We can improve our model by splitting data into more then 2 folds. Now, we can use cross validation with KFold and check how many splits may help us predict price in a better way.

In [21]:
from sklearn.model_selection import cross_val_score, KFold

num_folds = [3, 5, 7, 9, 10, 11, 13, 15, 17, 19, 21, 23]
rmse_scores = {}

for fold in num_folds:
kf = KFold(fold, shuffle=True, random_state=1)
knn = KNeighborsRegressor(n_neighbors=2)

mses = cross_val_score(knn, normalised_cars[top_features[:4].index], normalised_cars["price"],
scoring="neg_mean_squared_error", cv=kf)

rmses = np.sqrt(np.absolute(mses))
avg_rmse = np.mean(rmses)

rmse_scores[avg_rmse] = [str(fold) + ' folds']
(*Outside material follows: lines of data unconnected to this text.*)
(* The transducer $\mathcal O_H$ generates the optimal configurations in the Hanoi Towers Problem. More precisely, for $x,y \in\{0,1,2\}$, $x \neq y$, starting at state $t_{xy}$, and feeding the reversal $m_i(n)^R$ of the length $n$ row $i$ binary Gray code word from $M_n$ into $\mathcal O_H$ produces the reverse of the length $n$ ternary word representing the unique $n$ disk configuration at distance $i$ along the geodesic from $x^n$ to $y^n$ in $\Gamma_n$.
   Context: Let $X_2=\{0,1\}$, $X_3=\{0,1,2\}$. Define matrices $M_n$ of size $2^n \times n$ with entries in $X_2$ by $M_1 = \begin{bmatrix} 0 \\ 1 \end{bmatrix}$, $M_{n+1} = \begin{bmatrix} M_n & 0_n \\ M_n^R & 1_n \end{bmatrix}$, where $M_n^R$ is $M_n$ with the order of rows reversed and $0_n,1_n$ are constant columns of length $2^n$; $m_i(n)$ is row $i$ of $M_n$ (rows indexed from $0$). In the Hanoi Towers Problem on pegs $0,1,2$ with disks $1,\dots,n$, a configuration is encoded by the word $x_1\dots x_n$ over $X_3$, meaning disk $i$ is on peg $x_i$. For $0\le i<j\le 2$ let $a_{ij}$ be the ternary tree automorphism changing the first occurrence of $i$ or $j$ in a word to the other symbol (a move between pegs $i$ and $j$), and let $\Gamma_n$ be the graph whose vertices are the words of length $n$ over $X_3$, with an edge between $w$ and $a_{ij}(w)$ for each $a_{ij}$ (the Schreier graph of the Hanoi Towers group at level $n$). The 2 to 3 transducer $\mathcal O_H$ has six states $t_{xy}$, $x\ne y$ in $X_3$, defined as follows: if $z$ is the third element of $X_3$, then $t_{xy}(0w)=x\,t_{xz}(w)$ and $t_{xy}(1w)=y\,t_{yz}(w)$, and $t_{xy}(\emptyset)=\emptyset$. *)

From mathcomp Require Import all_boot.
Set Implicit Arguments. Unset Strict Implicit. Unset Printing Implicit Defensive.

(* X_2 = bool (0 = false, 1 = true); X_3 = 'I_3 *)

Fixpoint grayM (n : nat) : seq (seq bool) :=
  match n with
  | 0 => [:: [::]]
  | m.+1 => [seq rcons r false | r <- grayM m] ++ [seq rcons r true | r <- rev (grayM m)]
  end.

Definition grayRow (n i : nat) : seq bool := nth [::] (grayM n) i.

Fixpoint hanoi_a (i j : 'I_3) (w : seq 'I_3) : seq 'I_3 :=
  match w with
  | [::] => [::]
  | c :: w' => if c == i then j :: w' else if c == j then i :: w' else c :: hanoi_a i j w'
  end.

Definition hanoi_adj : rel (seq 'I_3) :=
  fun w v => [exists i : 'I_3, exists j : 'I_3, (i < j) && (v == hanoi_a i j w)].

(* p is a path from a to b: vertex list a :: p, of length size p *)
Definition is_path (a b : seq 'I_3) (p : seq (seq 'I_3)) : Prop :=
  path hanoi_adj a p /\ last a p = b.

Definition geodesic (a b : seq 'I_3) (p : seq (seq 'I_3)) : Prop :=
  is_path a b p /\ forall q, is_path a b q -> size p <= size q.

(* for x != y in {0,1,2}, 3 - x - y is the remaining element *)
Definition third (x y : 'I_3) : 'I_3 :=
  @Ordinal 3 ((3 - x - y) %% 3) (ltn_pmod _ (isT : 0 < 3)).

Fixpoint transduce (x y : 'I_3) (w : seq bool) : seq 'I_3 :=
  match w with
  | [::] => [::]
  | b :: w' => if b then y :: transduce y (third x y) w'
                    else x :: transduce x (third x y) w'
  end.

From mathcomp Require Import all_boot fingroup perm zify.

(* The largest disk has to leave peg x and to end on peg y.  Forgetting it maps
   the part of a walk during which it stays on one peg to a walk in the graph of
   the smaller disks, and it can only move while all the smaller disks are
   stacked on the third peg.  By induction, the stretch before its first move
   and, reading the walk backwards, the stretch after its last move each visit
   at least 2^(n-1) vertices, so a path from x^n to y^n visits at least 2^n;
   equality forces a single move of the largest disk, directly from x to y,
   between two geodesics, i.e. the recursive solution [hanoi_opt].  The Gray
   code matrix is built by the same recursion, and it is the reversal of its
   second half that makes the transducer switch to state t_yz. *)

Set Implicit Arguments.
Unset Strict Implicit.
Unset Printing Implicit Defensive.

Lemma neq_third_l (x y : 'I_3) : x != y -> x != third x y.
Proof. by move: x y; do 2!case=> [[|[|[|?]]] ?] //. Qed.

Lemma third_neq_r (x y : 'I_3) : x != y -> third x y != y.
Proof. by move: x y; do 2!case=> [[|[|[|?]]] ?] //. Qed.

Lemma thirdC (x y : 'I_3) : third x y = third y x.
Proof. by apply/val_inj; rewrite /= -subnDA addnC subnDA. Qed.

Lemma third_unique (x y a : 'I_3) : x != y -> a != x -> a != y -> a = third x y.
Proof. by move: x y a; do 3!case=> [[|[|[|?]]] ?] //; move=> *; apply/val_inj. Qed.

Lemma nseqSr T n (x : T) : nseq n.+1 x = rcons (nseq n x) x.
Proof. by elim: n => //= n <-. Qed.

Section HanoiMoves.
Variables i j : 'I_3.

Lemma hanoi_a_id u : ~~ has (pred2 i j) u -> hanoi_a i j u = u.
Proof. by elim: u => //= c u IH; case: ifP => //= _; case: ifP => //= _ /IH ->. Qed.

Lemma hanoi_a_cat u w : hanoi_a i j (u ++ w) =
  if has (pred2 i j) u then hanoi_a i j u ++ w else u ++ hanoi_a i j w.
Proof.
elim: u => //= c u IH; case: ifP => //= _; case: ifP => //= _.
by rewrite IH; case: ifP.
Qed.

Lemma hanoi_a_rcons u c : hanoi_a i j (rcons u c) =
  if has (pred2 i j) u then rcons (hanoi_a i j u) c else rcons u (tperm i j c).
Proof.
rewrite -!cats1 hanoi_a_cat /=; case: ifP => // _.
by case: tpermP => [->|->|/eqP/negPf-> /eqP/negPf->]; rewrite ?eqxx //; case: eqP => // ->.
Qed.

Lemma size_hanoi_a u : size (hanoi_a i j u) = size u.
Proof. by elim: u => //= c u IH; case: ifP => // _; case: ifP => //= _; rewrite IH. Qed.

Lemma hanoi_aC u : hanoi_a i j u = hanoi_a j i u.
Proof.
case: (eqVneq i j) => [->//|ij]; elim: u => //= c u ->.
by case: (eqVneq c i) => [->|]; rewrite ?(negPf ij).
Qed.

Lemma hanoi_aK u : i != j -> hanoi_a i j (hanoi_a i j u) = u.
Proof.
move=> ij; elim: u => //= c u IH.
case: (eqVneq c i) => [->|ci] /=; first by rewrite eq_sym (negPf ij) eqxx.
by case: (eqVneq c j) => [->|cj] /=; rewrite ?eqxx // (negPf ci) (negPf cj) IH.
Qed.

Lemma hanoi_adj_a u : i != j -> hanoi_adj u (hanoi_a i j u).
Proof.
move=> ij; case: (ltngtP i j) => [lt|gt|/val_inj eq]; last by rewrite eq eqxx in ij.
  by apply/existsP; exists i; apply/existsP; exists j; rewrite lt eqxx.
by apply/existsP; exists j; apply/existsP; exists i; rewrite gt hanoi_aC eqxx.
Qed.

End HanoiMoves.

Lemma hanoi_adjP u v :
  reflect (exists i j, i != j /\ v = hanoi_a i j u) (hanoi_adj u v).
Proof.
apply: (iffP idP) => [/existsP[i /existsP[j /andP[lt /eqP->]]]|[i [j [ij ->]]]].
  by exists i, j; rewrite neq_ltn lt.
exact: hanoi_adj_a.
Qed.

Lemma hanoi_adjC u v : hanoi_adj u v = hanoi_adj v u.
Proof.
wlog suff: u v / hanoi_adj u v -> hanoi_adj v u by move=> sym; apply/idP/idP; apply: sym.
by case/hanoi_adjP=> [i [j [ij ->]]]; rewrite -{2}(hanoi_aK u ij); apply: hanoi_adj_a.
Qed.

Lemma size_hanoi_adj u v : hanoi_adj u v -> size v = size u.
Proof. by case/hanoi_adjP=> [i [j [_ ->]]]; rewrite size_hanoi_a. Qed.

Lemma hanoi_adj_rcons u v c : hanoi_adj (rcons u c) (rcons v c) -> hanoi_adj u v.
Proof.
case/hanoi_adjP=> [i [j [ij]]]; rewrite hanoi_a_rcons.
case: ifP => [_ /rcons_inj[->]|/negbT/hanoi_a_id uij /rcons_inj[->]].
  exact: hanoi_adj_a.
by rewrite -{2}uij => _; apply: hanoi_adj_a.
Qed.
pd.Series(rmse_scores).sort_index()
#     print(str(fold), "folds: ", "avg RMSE: ", str(avg_rmse), "std RMSE: ", str(std_rmse))

Out[21]:
2416.119787    [21 folds]
2460.825451     [9 folds]
2478.254376    [15 folds]
2489.796459    [23 folds]
2496.384436    [17 folds]
2551.093087    [19 folds]
2586.700720    [11 folds]
2601.038381    [10 folds]
2605.380154     [7 folds]
2650.294806     [5 folds]
2670.410517    [13 folds]
2721.148255     [3 folds]
dtype: object

Here, we can observe that the least RMSE score of 2416.12 is shown when folds(data divisions) = 21, k = 2 along with top four features, which are horsepower, width, curb_weight and city_mpg.

That is it for now though, the goal of this project is to explore the fundamentals of K-Nearest Neighbors.